Items listed in a dataset:

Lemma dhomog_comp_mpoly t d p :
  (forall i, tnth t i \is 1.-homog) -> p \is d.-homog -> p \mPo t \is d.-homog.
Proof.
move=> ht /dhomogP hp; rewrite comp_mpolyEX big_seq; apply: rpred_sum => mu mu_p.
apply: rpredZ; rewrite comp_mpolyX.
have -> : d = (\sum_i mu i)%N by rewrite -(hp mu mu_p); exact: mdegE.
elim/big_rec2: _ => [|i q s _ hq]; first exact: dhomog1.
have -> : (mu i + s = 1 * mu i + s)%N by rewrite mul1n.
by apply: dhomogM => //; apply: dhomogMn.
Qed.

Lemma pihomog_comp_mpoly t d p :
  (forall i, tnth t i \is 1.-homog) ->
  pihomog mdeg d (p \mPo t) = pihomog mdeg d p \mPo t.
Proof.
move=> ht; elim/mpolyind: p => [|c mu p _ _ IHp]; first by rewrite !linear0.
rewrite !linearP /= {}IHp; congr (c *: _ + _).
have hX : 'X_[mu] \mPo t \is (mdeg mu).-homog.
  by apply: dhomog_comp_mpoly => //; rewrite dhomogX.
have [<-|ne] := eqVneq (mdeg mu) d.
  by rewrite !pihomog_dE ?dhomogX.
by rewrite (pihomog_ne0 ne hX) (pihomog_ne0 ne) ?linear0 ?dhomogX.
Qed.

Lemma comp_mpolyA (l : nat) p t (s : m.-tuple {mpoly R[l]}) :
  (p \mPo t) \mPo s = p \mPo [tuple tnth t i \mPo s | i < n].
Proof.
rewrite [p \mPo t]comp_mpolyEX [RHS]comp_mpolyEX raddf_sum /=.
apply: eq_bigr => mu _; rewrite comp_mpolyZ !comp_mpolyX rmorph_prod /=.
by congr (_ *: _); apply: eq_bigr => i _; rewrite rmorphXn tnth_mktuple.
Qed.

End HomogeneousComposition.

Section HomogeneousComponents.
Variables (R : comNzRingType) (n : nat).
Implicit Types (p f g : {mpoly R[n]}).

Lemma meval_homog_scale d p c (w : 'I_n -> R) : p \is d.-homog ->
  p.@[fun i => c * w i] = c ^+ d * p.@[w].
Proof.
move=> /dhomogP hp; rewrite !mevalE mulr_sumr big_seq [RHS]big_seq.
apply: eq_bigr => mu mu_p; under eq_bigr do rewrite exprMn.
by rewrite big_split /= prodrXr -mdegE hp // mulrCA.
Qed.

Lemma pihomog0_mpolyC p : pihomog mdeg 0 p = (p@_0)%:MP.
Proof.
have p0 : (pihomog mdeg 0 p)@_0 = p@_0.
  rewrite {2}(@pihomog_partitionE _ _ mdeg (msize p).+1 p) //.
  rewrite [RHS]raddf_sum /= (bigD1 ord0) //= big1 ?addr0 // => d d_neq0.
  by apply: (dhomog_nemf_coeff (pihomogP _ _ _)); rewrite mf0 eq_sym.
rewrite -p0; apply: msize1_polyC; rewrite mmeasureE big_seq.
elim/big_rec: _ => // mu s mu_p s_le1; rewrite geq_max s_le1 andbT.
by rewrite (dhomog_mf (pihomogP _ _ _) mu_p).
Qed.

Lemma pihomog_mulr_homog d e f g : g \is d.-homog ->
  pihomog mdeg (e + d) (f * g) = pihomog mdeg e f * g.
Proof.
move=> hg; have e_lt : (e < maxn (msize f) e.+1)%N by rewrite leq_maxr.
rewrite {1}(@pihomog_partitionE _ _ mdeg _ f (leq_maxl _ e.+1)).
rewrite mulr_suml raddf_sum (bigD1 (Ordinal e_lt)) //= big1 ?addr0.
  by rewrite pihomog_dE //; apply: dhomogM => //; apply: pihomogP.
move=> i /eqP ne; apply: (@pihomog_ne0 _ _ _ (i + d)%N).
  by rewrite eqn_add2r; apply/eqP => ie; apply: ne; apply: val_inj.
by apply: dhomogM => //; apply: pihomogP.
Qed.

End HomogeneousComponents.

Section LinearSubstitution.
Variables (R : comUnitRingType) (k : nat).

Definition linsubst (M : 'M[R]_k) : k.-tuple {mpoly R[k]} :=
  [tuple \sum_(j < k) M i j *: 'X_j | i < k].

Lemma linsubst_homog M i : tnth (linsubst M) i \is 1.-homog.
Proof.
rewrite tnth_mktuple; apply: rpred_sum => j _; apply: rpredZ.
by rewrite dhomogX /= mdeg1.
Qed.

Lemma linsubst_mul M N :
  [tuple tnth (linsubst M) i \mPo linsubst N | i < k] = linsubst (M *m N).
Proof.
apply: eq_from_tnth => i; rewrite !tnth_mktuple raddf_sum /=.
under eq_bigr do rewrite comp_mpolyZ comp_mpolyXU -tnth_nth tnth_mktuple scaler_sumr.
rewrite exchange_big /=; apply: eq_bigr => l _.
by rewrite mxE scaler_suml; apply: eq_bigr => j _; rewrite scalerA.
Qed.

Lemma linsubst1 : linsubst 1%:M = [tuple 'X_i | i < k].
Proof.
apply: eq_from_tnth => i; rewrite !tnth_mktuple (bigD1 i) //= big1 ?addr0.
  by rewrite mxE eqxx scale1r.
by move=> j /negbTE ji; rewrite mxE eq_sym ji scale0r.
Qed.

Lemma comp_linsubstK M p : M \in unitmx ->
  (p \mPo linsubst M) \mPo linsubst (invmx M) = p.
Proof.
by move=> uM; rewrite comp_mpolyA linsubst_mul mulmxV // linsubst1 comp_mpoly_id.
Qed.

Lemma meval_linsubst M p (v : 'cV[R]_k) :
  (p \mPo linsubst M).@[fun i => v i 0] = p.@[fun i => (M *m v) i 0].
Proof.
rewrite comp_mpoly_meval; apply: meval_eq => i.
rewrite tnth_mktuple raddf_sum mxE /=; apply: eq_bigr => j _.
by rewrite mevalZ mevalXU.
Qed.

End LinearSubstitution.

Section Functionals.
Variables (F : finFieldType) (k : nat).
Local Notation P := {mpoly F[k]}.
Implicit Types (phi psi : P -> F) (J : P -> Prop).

==

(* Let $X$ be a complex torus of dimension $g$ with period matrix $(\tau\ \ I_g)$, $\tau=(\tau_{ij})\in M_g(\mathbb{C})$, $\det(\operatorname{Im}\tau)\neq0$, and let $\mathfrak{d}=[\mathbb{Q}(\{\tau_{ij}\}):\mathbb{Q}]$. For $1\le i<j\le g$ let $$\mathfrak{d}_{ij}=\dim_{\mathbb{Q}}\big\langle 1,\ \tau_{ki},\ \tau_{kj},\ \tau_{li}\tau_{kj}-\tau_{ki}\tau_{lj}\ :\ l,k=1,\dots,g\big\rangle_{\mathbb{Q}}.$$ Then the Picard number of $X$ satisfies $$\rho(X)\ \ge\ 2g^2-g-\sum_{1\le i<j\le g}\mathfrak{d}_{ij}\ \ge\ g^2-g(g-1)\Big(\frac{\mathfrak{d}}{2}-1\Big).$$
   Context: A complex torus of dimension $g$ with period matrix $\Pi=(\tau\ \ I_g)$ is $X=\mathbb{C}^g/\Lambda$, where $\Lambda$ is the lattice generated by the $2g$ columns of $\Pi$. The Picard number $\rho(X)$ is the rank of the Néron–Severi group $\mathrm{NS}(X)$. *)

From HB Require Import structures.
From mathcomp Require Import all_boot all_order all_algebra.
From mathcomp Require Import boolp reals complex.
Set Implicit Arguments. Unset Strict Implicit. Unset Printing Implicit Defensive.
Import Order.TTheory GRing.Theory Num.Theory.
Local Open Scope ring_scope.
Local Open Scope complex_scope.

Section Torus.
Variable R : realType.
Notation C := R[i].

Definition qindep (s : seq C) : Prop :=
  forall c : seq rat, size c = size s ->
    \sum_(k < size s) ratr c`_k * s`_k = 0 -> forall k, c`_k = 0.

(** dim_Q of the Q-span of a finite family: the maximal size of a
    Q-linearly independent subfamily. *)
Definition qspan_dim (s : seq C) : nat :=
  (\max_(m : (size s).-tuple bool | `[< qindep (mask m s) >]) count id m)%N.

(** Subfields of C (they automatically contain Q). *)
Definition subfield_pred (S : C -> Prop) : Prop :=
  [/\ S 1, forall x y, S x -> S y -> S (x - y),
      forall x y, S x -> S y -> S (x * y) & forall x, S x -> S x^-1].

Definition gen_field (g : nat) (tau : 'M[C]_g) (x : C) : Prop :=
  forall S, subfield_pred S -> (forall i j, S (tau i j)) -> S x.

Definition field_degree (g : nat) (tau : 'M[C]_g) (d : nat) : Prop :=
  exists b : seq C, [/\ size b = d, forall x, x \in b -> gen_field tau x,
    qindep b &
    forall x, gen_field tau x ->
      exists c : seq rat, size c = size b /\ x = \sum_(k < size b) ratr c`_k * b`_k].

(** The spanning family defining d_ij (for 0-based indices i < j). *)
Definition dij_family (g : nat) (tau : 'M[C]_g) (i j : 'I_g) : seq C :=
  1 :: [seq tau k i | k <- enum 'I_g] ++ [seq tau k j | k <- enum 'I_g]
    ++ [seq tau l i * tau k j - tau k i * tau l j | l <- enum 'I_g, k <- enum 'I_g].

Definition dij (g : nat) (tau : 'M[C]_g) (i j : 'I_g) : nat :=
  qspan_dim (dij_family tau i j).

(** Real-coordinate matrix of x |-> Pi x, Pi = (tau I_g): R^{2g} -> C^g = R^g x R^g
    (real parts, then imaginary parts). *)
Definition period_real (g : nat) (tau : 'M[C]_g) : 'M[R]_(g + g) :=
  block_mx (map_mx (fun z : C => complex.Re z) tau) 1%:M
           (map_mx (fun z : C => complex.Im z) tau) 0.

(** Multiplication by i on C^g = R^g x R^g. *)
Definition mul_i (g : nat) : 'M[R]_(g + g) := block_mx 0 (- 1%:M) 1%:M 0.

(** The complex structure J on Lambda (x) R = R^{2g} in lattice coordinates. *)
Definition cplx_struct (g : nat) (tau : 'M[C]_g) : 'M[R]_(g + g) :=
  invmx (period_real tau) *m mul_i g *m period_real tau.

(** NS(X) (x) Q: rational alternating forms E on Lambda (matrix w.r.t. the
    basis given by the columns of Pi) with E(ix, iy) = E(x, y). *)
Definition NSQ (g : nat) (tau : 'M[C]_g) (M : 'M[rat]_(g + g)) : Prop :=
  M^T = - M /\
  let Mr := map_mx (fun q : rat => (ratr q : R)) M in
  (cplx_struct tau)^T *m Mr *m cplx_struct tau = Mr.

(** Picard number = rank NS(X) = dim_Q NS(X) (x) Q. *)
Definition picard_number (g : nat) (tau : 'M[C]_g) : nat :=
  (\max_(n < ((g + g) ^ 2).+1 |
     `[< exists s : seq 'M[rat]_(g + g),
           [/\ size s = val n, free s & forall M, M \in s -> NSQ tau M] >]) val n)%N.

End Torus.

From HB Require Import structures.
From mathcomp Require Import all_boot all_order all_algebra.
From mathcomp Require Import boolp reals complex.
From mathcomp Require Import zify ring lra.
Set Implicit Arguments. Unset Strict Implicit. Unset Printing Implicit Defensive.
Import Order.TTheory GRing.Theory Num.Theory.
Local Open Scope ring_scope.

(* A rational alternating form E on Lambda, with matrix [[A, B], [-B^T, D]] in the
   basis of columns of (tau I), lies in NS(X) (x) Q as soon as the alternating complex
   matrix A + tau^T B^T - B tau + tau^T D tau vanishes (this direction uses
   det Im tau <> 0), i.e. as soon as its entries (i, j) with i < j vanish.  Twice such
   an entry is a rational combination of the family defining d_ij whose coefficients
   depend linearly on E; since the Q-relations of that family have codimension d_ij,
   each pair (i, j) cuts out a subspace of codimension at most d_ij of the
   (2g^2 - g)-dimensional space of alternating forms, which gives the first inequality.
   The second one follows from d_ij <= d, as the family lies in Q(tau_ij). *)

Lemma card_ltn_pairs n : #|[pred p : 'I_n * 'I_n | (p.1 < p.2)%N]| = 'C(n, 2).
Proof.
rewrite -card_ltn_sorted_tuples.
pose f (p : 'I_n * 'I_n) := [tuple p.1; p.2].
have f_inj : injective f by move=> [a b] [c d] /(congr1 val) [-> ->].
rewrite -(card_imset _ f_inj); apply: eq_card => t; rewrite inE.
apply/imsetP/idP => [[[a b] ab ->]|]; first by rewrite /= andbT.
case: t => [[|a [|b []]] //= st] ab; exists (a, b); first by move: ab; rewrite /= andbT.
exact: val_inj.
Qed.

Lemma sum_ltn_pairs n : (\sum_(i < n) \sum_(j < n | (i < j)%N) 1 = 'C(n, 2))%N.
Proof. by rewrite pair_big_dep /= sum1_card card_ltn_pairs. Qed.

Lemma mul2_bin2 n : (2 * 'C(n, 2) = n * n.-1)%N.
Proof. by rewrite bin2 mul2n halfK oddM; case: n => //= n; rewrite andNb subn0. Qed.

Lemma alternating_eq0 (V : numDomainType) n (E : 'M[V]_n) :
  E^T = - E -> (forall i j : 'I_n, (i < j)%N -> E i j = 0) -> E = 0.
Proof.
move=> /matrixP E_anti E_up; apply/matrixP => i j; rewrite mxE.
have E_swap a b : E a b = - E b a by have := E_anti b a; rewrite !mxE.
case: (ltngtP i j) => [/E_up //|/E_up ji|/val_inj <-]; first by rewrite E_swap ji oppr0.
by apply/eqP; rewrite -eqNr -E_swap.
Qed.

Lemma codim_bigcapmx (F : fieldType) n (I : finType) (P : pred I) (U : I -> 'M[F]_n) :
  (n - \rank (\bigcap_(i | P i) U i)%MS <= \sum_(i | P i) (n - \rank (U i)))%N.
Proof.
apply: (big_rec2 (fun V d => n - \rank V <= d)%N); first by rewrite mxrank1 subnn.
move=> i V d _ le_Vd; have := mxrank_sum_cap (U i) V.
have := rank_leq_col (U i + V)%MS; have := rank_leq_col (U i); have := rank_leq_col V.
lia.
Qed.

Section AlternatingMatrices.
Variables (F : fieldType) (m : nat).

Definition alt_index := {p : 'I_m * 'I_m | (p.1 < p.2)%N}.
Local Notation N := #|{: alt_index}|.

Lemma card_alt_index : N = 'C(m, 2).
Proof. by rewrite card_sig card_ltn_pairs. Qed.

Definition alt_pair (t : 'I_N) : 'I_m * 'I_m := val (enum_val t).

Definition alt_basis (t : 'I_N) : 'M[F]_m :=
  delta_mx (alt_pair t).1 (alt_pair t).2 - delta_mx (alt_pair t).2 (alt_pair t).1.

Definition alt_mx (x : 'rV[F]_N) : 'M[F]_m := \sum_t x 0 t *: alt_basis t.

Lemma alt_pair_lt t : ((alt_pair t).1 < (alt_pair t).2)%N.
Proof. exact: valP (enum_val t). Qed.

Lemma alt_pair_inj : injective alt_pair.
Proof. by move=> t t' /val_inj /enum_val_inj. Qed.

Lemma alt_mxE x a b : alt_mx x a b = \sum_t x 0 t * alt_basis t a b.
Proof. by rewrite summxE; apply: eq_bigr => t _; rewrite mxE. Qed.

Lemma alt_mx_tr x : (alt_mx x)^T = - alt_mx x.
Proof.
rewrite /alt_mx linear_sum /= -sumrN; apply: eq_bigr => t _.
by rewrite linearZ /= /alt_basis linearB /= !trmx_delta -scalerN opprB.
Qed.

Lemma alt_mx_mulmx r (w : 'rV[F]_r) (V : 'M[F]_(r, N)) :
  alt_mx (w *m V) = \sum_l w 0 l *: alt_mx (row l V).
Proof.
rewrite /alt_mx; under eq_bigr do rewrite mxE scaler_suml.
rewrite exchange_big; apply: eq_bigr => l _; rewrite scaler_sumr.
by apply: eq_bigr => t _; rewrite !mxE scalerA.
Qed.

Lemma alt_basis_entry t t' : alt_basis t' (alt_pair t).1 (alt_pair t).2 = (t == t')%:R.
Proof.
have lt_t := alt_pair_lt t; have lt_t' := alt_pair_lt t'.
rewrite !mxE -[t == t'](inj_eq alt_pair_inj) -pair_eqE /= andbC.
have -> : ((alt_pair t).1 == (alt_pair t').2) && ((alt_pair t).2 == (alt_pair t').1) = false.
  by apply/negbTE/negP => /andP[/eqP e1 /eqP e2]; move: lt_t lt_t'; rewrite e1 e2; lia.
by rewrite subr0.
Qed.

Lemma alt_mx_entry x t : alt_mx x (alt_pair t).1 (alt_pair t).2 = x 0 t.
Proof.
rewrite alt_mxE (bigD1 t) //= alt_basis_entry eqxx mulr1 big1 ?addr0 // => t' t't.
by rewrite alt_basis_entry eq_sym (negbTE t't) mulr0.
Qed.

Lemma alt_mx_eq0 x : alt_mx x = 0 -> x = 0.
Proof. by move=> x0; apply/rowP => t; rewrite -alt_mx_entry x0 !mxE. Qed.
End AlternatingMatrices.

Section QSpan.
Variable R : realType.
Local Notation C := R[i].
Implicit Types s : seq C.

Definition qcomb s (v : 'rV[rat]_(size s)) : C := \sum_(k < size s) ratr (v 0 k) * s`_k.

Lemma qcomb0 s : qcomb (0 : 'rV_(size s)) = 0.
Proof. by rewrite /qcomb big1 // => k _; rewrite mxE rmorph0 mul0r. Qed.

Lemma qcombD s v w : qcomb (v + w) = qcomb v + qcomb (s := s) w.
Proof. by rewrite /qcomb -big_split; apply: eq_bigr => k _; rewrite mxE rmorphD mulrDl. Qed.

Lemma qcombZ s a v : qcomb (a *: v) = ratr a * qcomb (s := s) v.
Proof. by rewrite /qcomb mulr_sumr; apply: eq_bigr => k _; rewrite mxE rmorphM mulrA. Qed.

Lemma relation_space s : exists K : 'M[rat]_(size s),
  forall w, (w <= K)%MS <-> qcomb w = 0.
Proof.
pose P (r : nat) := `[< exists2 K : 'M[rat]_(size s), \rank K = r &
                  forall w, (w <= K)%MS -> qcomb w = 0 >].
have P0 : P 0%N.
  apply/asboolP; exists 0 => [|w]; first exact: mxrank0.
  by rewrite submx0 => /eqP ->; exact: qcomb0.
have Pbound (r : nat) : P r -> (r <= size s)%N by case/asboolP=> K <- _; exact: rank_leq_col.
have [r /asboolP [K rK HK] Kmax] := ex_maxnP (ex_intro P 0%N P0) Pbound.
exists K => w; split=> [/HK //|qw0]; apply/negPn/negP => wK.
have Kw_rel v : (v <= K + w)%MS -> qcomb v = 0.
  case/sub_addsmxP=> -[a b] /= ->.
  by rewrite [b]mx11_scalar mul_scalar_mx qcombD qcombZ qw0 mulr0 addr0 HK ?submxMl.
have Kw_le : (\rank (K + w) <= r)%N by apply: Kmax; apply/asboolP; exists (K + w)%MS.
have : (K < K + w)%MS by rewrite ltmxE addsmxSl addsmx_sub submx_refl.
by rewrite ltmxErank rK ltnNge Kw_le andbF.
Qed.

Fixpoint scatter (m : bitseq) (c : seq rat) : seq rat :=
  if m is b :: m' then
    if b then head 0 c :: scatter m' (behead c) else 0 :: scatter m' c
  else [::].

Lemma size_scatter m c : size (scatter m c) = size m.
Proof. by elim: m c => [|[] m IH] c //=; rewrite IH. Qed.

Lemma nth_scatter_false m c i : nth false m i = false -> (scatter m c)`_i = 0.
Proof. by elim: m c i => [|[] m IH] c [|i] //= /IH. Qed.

...

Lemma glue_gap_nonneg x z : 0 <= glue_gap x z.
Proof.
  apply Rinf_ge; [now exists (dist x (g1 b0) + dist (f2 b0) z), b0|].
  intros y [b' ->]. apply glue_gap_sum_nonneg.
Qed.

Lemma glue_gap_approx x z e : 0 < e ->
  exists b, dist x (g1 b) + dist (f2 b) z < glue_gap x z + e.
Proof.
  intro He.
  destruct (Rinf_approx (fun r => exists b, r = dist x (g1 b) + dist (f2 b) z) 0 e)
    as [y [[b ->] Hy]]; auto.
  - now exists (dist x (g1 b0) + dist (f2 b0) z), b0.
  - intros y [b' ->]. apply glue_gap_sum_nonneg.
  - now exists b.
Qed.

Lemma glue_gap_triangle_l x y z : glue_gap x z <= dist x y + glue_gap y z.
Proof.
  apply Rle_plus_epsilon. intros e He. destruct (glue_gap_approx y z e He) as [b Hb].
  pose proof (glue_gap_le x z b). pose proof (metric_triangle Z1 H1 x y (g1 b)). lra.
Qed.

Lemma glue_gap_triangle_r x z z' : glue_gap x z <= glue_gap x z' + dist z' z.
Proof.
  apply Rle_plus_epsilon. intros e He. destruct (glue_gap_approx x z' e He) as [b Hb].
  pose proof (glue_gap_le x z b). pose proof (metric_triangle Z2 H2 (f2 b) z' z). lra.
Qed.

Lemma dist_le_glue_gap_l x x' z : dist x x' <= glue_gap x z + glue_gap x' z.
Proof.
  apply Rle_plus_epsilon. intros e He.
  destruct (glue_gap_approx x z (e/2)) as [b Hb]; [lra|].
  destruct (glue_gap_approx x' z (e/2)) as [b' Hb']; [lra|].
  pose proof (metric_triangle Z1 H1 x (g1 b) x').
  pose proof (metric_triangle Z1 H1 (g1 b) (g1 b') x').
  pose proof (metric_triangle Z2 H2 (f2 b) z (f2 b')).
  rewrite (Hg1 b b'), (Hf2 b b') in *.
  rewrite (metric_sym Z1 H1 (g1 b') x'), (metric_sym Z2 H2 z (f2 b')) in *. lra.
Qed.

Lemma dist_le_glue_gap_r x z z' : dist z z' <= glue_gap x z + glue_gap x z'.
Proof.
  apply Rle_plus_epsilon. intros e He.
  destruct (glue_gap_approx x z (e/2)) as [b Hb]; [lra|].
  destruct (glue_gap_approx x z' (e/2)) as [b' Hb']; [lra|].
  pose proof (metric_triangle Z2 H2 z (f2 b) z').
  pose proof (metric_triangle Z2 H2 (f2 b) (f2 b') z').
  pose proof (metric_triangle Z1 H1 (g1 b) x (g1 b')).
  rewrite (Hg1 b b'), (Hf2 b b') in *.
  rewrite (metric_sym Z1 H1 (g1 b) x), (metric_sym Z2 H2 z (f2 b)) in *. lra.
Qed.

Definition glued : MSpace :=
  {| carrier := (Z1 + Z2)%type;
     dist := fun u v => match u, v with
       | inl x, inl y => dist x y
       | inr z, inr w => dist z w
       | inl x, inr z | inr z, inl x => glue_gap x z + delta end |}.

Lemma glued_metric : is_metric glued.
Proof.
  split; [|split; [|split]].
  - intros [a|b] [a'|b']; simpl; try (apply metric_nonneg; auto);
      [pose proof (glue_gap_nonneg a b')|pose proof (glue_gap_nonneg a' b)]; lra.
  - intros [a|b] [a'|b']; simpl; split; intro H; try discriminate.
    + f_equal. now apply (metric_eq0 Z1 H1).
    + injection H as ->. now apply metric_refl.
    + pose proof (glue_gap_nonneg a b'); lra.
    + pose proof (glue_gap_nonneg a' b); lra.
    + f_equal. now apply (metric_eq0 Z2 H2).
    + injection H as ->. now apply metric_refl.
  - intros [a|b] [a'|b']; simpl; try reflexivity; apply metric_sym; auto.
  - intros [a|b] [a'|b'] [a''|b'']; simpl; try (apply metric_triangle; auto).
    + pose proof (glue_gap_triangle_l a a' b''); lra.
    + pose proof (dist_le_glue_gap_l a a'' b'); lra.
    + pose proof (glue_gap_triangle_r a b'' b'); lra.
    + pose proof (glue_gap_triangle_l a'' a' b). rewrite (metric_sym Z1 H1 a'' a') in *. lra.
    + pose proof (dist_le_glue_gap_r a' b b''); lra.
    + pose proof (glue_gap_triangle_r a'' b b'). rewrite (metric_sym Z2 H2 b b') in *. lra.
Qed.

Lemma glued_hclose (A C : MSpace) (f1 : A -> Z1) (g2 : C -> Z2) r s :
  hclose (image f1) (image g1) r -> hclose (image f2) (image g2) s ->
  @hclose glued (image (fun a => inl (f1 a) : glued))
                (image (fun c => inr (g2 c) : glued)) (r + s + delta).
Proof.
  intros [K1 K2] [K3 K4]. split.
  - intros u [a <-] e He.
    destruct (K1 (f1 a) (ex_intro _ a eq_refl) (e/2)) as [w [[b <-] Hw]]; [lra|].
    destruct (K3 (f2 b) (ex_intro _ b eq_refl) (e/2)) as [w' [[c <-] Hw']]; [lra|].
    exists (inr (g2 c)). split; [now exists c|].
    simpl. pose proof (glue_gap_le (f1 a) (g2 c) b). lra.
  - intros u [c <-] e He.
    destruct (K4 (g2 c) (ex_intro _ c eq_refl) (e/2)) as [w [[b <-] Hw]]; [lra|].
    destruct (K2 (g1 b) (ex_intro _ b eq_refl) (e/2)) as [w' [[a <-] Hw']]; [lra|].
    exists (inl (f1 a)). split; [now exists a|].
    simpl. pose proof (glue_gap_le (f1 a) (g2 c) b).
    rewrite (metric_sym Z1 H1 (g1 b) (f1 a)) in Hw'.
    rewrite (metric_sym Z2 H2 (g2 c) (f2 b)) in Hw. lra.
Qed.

* _EXERCISE DIRECTIONS_
Which lines above run from the one containing "by apply: dhomogM => //; apply: pihomogP." to the one containing "rewrite exchange_big /=;"? Give them again exactly, both ends included.

* _SOLUTION_
by apply: dhomogM => //; apply: pihomogP.
Qed.

End HomogeneousComponents.

Section LinearSubstitution.
Variables (R : comUnitRingType) (k : nat).

Definition linsubst (M : 'M[R]_k) : k.-tuple {mpoly R[k]} :=
  [tuple \sum_(j < k) M i j *: 'X_j | i < k].

Lemma linsubst_homog M i : tnth (linsubst M) i \is 1.-homog.
Proof.
rewrite tnth_mktuple; apply: rpred_sum => j _; apply: rpredZ.
by rewrite dhomogX /= mdeg1.
Qed.

Lemma linsubst_mul M N :
  [tuple tnth (linsubst M) i \mPo linsubst N | i < k] = linsubst (M *m N).
Proof.
apply: eq_from_tnth => i; rewrite !tnth_mktuple raddf_sum /=.
under eq_bigr do rewrite comp_mpolyZ comp_mpolyXU -tnth_nth tnth_mktuple scaler_sumr.
rewrite exchange_big /=; apply: eq_bigr => l _.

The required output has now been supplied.